The most important part of our flow:
FYI: This does not work 100% of the time. An action serving as an “exit ramp” has been added as a parallel branch to set a default message when a particular phrase is not found.
Power Query
Power Query made quick work of the data source to prepare it for migration to SQL Server. This app seemed to be the best bet as a transformation tool, given its’ variety of parsing functions.
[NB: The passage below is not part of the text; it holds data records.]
Lemma divides_refl a : divides a a.
Proof. by exists 1; rewrite mul1r. Qed.

Lemma divides_trans a b c : divides a b -> divides b c -> divides a c.
Proof. by move=> [d ->] [e ->]; exists (e * d); rewrite mulrA. Qed.

Lemma divides_ideal a : is_ideal (divides a).
Proof.
split; first by exists 0; rewrite mul0r.
  by move=> _ _ [d ->] [e ->]; exists (d + e); rewrite mulrDl.
by move=> b _ [d ->]; exists (b * d); rewrite mulrA.
Qed.

Lemma divides0 a : divides 0 a <-> a = 0.
Proof. by split=> [[d ->]|->]; [rewrite mulr0 | exact: divides_refl]. Qed.

Lemma ideal0 I : is_ideal I -> I 0.
Proof. by case. Qed.

Lemma idealD I : is_ideal I -> forall x y, I x -> I y -> I (x + y).
Proof. by case. Qed.

Lemma idealM I : is_ideal I -> forall a x, I x -> I (a * x).
Proof. by case. Qed.

Lemma ideal_divides I t : is_ideal I -> I t -> forall y, divides t y -> I y.
Proof. by move=> I_ideal It _ [d ->]; apply: idealM. Qed.

Lemma ann_ideal r : is_ideal (ann r).
Proof.
rewrite /ann /colon /zero_ideal; split; first by rewrite mulr0.
  by move=> x y rx ry; rewrite mulrDr rx ry addr0.
by move=> a x rx; rewrite mulrCA rx mulr0.
Qed.

Lemma ann_mul_colon r s : rseteq (ann (r * s)) (colon (ann r) s).
Proof. by move=> y; rewrite /ann /colon mulrA. Qed.

(* The exact quotient y / t, with junk value 0 when t does not divide y. *)
Definition exquo y t : R :=
  if pselect (divides t y) is left t_y then projT1 (cid t_y) else 0.

Lemma exquoP y t : divides t y -> y = exquo y t * t.
Proof. by rewrite /exquo; case: pselect => // t_y _; exact: (projT2 (cid t_y)). Qed.

Definition ideal_submodule I (I_ideal : is_ideal I) : submodule R^o :=
  @Submodule R R^o I (ideal0 I_ideal) (idealD I_ideal) (idealM I_ideal).

Section MulAnnQuotient.
Variable r : R.

Definition ann_quot := quotmod (ideal_submodule (ann_ideal r)).

Definition mul_ann_quot (q : ann_quot) : R^o := r * repr q.

Lemma mul_ann_quotE v : mul_ann_quot (\pi v) = r * v.
Proof.
apply/eqP; rewrite -subr_eq0 -mulrBr; apply/eqP.
exact: (repr_pi (ideal_submodule (ann_ideal r)) v).
Qed.

Lemma mul_ann_quot_linear : linear mul_ann_quot.
Proof.
move=> a p q; elim/quotW: p => u; elim/quotW: q => v.
by rewrite -piZ -piD !mul_ann_quotE mulrDr mulrCA.
Qed.

Lemma mul_ann_quot_inj : injective mul_ann_quot.
Proof.
move=> p q; elim/quotW: p => u; elim/quotW: q => v; rewrite !mul_ann_quotE => ruv.
by apply/pi_eq; rewrite /= /ann /colon /zero_ideal mulrBr ruv subrr.
Qed.

End MulAnnQuotient.
End Divisibility.

Arguments mul_ann_quot {R} r q.

HB.instance Definition _ (R : comNzRingType) (r : R) :=
  GRing.isLinear.Build R (ann_quot r) R^o *:%R (@mul_ann_quot R r)
    (@mul_ann_quot_linear R r).

Section Valuation.
Variable R : comNzRingType.
Implicit Types (a b c r s t : R) (I : rset R).
Hypothesis R_val : valuation_ring R.

Lemma divides_total a b : divides a b \/ divides b a.
Proof.
by case: (R_val (divides_ideal a) (divides_ideal b)) => sub;
  [right | left]; apply: sub; apply: divides_refl.
Qed.

Lemma divides_min n (g : 'I_n.+1 -> R) : exists j, forall i, divides (g j) (g i).
Proof.
elim: n g => [|n IHn] g.
  by exists ord0 => i; rewrite [i]fintype.ord1; apply: divides_refl.
have [j gj_min] := IHn (g \o lift ord0).
have [g0_gj | gj_g0] := divides_total (g ord0) (g (lift ord0 j)).
  exists ord0 => i; case: (unliftP ord0 i) => [k ->|->]; last exact: divides_refl.
  exact: divides_trans g0_gj (gj_min k).
exists (lift ord0 j) => i.
by case: (unliftP ord0 i) => [k ->|->]; [exact: gj_min | exact: gj_g0].
Qed.

Lemma fin_gen_principal I : fin_gen I <-> principal I.
Proof.
split=> [[n [g I_g]] | [t I_t]]; last first.
  exists 1%N, (fun _ => t) => y; split=> [/I_t [d ->] | [c ->]].
    by exists (fun _ => d); rewrite big_ord1.
  by apply/I_t; exists (c ord0); rewrite big_ord1.
case: n g I_g => [|n] g I_g.
  exists 0 => y; split=> [/I_g [c ->] | /divides0 ->].
    by rewrite big_ord0; apply: divides_refl.
  by apply/I_g; exists (fun=> 0); rewrite big_ord0.
have [j gj_min] := divides_min g.
have [gj_0 gj_D gj_M] := divides_ideal (g j).
exists (g j) => y; split=> [/I_g [c ->] | [d ->]].
  apply: (big_ind (divides (g j))) => [||i _]; [exact: gj_0 | exact: gj_D |].
  exact/gj_M/gj_min.
apply/I_g; exists (fun i => if i == j then d else 0).
by rewrite (bigD1 j) //= eqxx big1 ?addr0 // => i /negbTE ->; rewrite mul0r.
Qed.

Lemma ann_scale_set r s :
  r * s <> 0 -> rseteq (ann r) (scale_set s (ann (r * s))).
Proof.
move=> rs0 y; split=> [ry | [z rsz ->]]; last by rewrite /ann /colon mulrA.
have [[d y_ds] | [d sdy]] := divides_total s y.
  exists d; last by rewrite y_ds mulrC.
  by rewrite /ann /colon /zero_ideal -mulrA [s * d]mulrC -y_ds.
by case: rs0; rewrite sdy mulrCA ry mulr0.
Qed.

Lemma principal_ann_mul r s : r * s <> 0 -> ~ rseteq (ann r) (@zero_ideal R) ->
  principal (ann r) <-> principal (ann (r * s)).
Proof.
move=> rs0 ann_r_neq0; have ann_rs := ann_scale_set rs0.
split=> [[t ann_r_t] | [y ann_rs_y]]; last first.
  have r_sy : ann r (s * y).
    by apply/ann_rs; exists y => //; apply/ann_rs_y/divides_refl.
  exists (s * y) => z; split; last exact: ideal_divides (ann_ideal r) r_sy z.
  by move=> /ann_rs [_ /ann_rs_y [d ->] ->]; exists d; rewrite mulrCA.
have [y rs_y t_sy] := (ann_rs t).1 ((ann_r_t t).2 (divides_refl t)).
exists y => z; split=> [rs_z | ]; last exact: ideal_divides (ann_ideal _) rs_y z.
have [d sz_dt] := (ann_r_t (s * z)).1 ((ann_mul_colon r s z).1 rs_z).
have [[e zdy] | [e y_e]] := divides_total y (z - d * y).
  by exists (e + d); rewrite mulrDl -zdy subrK.
have t0 : t = 0.
  rewrite t_sy y_e mulrCA mulrBr sz_dt t_sy [d * (s * y)]mulrCA.
  by rewrite subrr mulr0.
by case: ann_r_neq0 => x; rewrite /zero_ideal -(divides0 x) -t0; exact: ann_r_t.
Qed.

Section LocalRing.
Variable M : rset R.
Hypothesis M_max : maximal_ideal M.

Let M_ideal : is_ideal M := M_max.1.1.
Let M0 : M 0 := ideal0 M_ideal.

Lemma notin_maximal_unit a : ~ M a -> exists u, a * u = 1.
Proof.
move=> Ma; apply: contrapT => a_nonunit; apply: Ma.
have aR_proper : Defs.proper_ideal (divides a).
  split; first exact: divides_ideal.
  by move=> [u u_a]; apply: a_nonunit; exists u; rewrite mulrC -u_a.
have [M_aR | aR_M] := R_val M_ideal (divides_ideal a); last exact/aR_M/divides_refl.
exact: M_max.2 _ aR_proper M_aR _ (divides_refl a).
Qed.

Lemma maximal_mul1D_eq0 m t : M m -> t * (1 + m) = 0 -> t = 0.
Proof.
move=> Mm t1m0; have [u u_1m] : exists u, (1 + m) * u = 1.
  apply: notin_maximal_unit => M1m; apply: M_max.1.2.
  by have := idealD M_ideal M1m (idealM M_ideal (-1) Mm); rewrite mulN1r addrK.
by rewrite -[t]mulr1 -u_1m mulrA t1m0 mul0r.
Qed.

Lemma not_principal_factor I z : is_ideal I -> ~ principal I -> I z ->
  exists e z', [/\ M e, I z' & z = e * z'].
Proof.
move=> I_ideal I_npr Iz.
have [[y [Iy z_ndvd_y]] | z_dvd_all] := pselect (exists y, I y /\ ~ divides z y).
  have [//| [e z_ey]] := divides_total z y.
  exists e, y; split=> //; apply: contrapT => /notin_maximal_unit [u eu].
  by apply: z_ndvd_y; exists u; rewrite z_ey mulrA [u * e]mulrC eu mul1r.
case: I_npr; exists z => y; split; last exact: ideal_divides I_ideal Iz y.
by move=> Iy; apply: contrapT => z_ndvd_y; apply: z_dvd_all; exists y.
Qed.

Section Probe.
Variable N : lmodType R.

(* [ann_smul z n] says n ∈ (0:z)N, whose elements are single products a v
   because (0:z) is a chain for divisibility. *)
Definition ann_smul z (n : N) : Prop := exists a v, a * z = 0 /\ n = a *: v.

Lemma ann_smul0 z : ann_smul z 0.
Proof. by exists 0, 0; rewrite mul0r scale0r. Qed.

Lemma ann_smulD z u v : ann_smul z u -> ann_smul z v -> ann_smul z (u + v).
Proof.
move=> [a [u' [az0 ->]]] [b [v' [bz0 ->]]].
have [[d ->] | [d ->]] := divides_total a b.
  by exists a, (u' + d *: v'); split=> //; rewrite scalerDr scalerA mulrC.
by exists b, (d *: u' + v'); split=> //; rewrite scalerDr scalerA mulrC.
Qed.

Lemma ann_smulZ z c v : ann_smul z v -> ann_smul z (c *: v).
Proof.
by move=> [a [u [az0 ->]]]; exists a, (c *: u); split=> //; rewrite !scalerA mulrC.
Qed.

(* The direct limit of the N/(0:z)N is realized as the functions R -> N modulo
   those that lie in (0:z)N for all z ∈ M dividing some w ∈ M; [probe n y] is
   the class of z |-> (y/z) n, the image of n ⊗ y. *)
Definition eventually_ann (g : R -> N) : Prop :=
  exists2 w, M w & forall z, M z -> divides z w -> ann_smul z (g z).

Lemma eventually_ann0 : eventually_ann 0.
Proof. by exists 0 => [|z _ _]; [exact: M0 | exact: ann_smul0]. Qed.

Lemma eventually_annD g h :
  eventually_ann g -> eventually_ann h -> eventually_ann (g + h).
Proof.
move=> [v Mv g_ann] [w Mw h_ann].
have [v_w | w_v] := divides_total v w.
  exists v => // z Mz z_v; apply: ann_smulD; first exact: g_ann.
  exact: h_ann (divides_trans z_v v_w).
exists w => // z Mz z_w; apply: ann_smulD; last exact: h_ann.
exact: g_ann (divides_trans z_w w_v).
Qed.

Lemma eventually_annZ c g : eventually_ann g -> eventually_ann (c *: g).
Proof. by move=> [w Mw g_ann]; exists w => // z Mz z_w; apply/ann_smulZ/g_ann. Qed.

Definition eventually_ann_submod :=
  Submodule eventually_ann0 eventually_annD eventually_annZ.

Definition probe (n : N) (y : R) : quotmod eventually_ann_submod :=
  \pi_(quotmod eventually_ann_submod) (fun z => exquo y z *: n).

Lemma probe_bilinear : bilinear_on M probe.
Proof.
split=> [x Mx c n1 n2 | n c x1 x2 Mx1 Mx2].
  rewrite /probe -piZ -piD; congr \pi; apply: funext => z.
  by rewrite !fctE scalerDr !scalerA mulrC.
rewrite /probe -piZ -piD; apply/pi_eq.
have [w Mw [w_x1 w_x2]] : exists2 w, M w & divides w x1 /\ divides w x2.
  have [x1_x2 | x2_x1] := divides_total x1 x2; [exists x1 | exists x2] => //;
    by split=> //; apply: divides_refl.
exists w => // z Mz z_w.
have z_x1 := divides_trans z_w w_x1; have z_x2 := divides_trans z_w w_x2.
have [_ z_D z_M] := divides_ideal z.
have z_x := z_D _ _ (z_M c _ z_x1) z_x2.
exists (exquo (c * x1 + x2) z - (c * exquo x1 z + exquo x2 z)), n; split.
  by rewrite mulrBl -exquoP // mulrDl -mulrA -!exquoP // subrr.
by rewrite !fctE scalerBl scalerDl scalerA.
Qed.

Lemma pure_tensor_zero_witness (n : N) x : M x -> pure_tensor_zero M n x ->
  exists z c, [/\ M z, x = c * z & ann_smul z (c *: n)].
Proof.
move=> Mx /(_ _ probe probe_bilinear) /pi_eq0 [w Mw probe_ann].
have [x_w | w_x] := divides_total x w.
  exists x, (exquo x x); split=> //; last exact: probe_ann.
  exact/exquoP/divides_refl.
exists w, (exquo x w); split=> //; first exact: exquoP.
exact: probe_ann (divides_refl w).
Qed.

Hypothesis ann_not_principal :
  forall a, zero_divisor a -> a <> 0 -> ~ principal (ann a).

Lemma ann_smul_factor z (u : N) : M z -> ann_smul z u ->
  exists d e, [/\ M e, z = d * e & d *: u = 0].
Proof.
move=> Mz [a [v [az0 ->]]].
have [-> | a0] := pselect (a = 0).
  by exists 1, z; rewrite mul1r scale0r scaler0.
have [-> | z0] := pselect (z = 0).
  by exists 0, 0; rewrite mul0r scale0r; split=> //; exact: M0.
have a_zd : zero_divisor a by exists z.
have [e [z' [Me az'0 z_ez']]] :=
  not_principal_factor (ann_ideal a) (ann_not_principal a_zd a0) az0.
exists z', e; split=> //; first by rewrite z_ez' mulrC.
by rewrite scalerA mulrC (az'0 : a * z' = 0) scale0r.
Qed.

End Probe.

Lemma flat_of_ann_not_principal :
  (forall a, zero_divisor a -> a <> 0 -> ~ principal (ann a)) -> flat_submodule M.
Proof.
move=> ann_npr N N' f f_inj [|k] n x Mx fn_x0.
  by move=> P B _; rewrite big_ord0.
have [j xj_min] := divides_min x.
have x_xj i : x i = exquo (x i) (x j) * x j := exquoP (xj_min i).
apply/(tensor_zero_collapse M0 _ (Mx j) x_xj).
set m := \sum_(i < k.+1) _.
have fm_x0 : pure_tensor_zero M (f m) (x j).
  rewrite linear_sum; under eq_bigr do rewrite linearZ.
  exact/(tensor_zero_collapse M0 _ (Mx j) x_xj).
have [z [c [Mz xj_cz z_cfm]]] := pure_tensor_zero_witness (Mx j) fm_x0.
have [d [e [Me z_de dcfm0]]] := ann_smul_factor ann_npr Mz z_cfm.
have dcm0 : (d * c) *: m = 0.
  by apply: f_inj; rewrite linear0 -scalerA !linearZ.
rewrite xj_cz z_de mulrA [c * d]mulrC.
exact: (pure_tensor_zero_scale M0 Me dcm0).
Qed.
A table containing characters was created along with space for detail.
Once the transformations were complete, the finished data set was migrated to a SQL database.
SQL Server
All app data is stored in SQL Server. Transformed data was imported into a few database tables, whose structure is outlined below. Considerations around character representation needed to be made.
Data Model
The start of our data model:
This is a simple enough approach that will serve different purposes.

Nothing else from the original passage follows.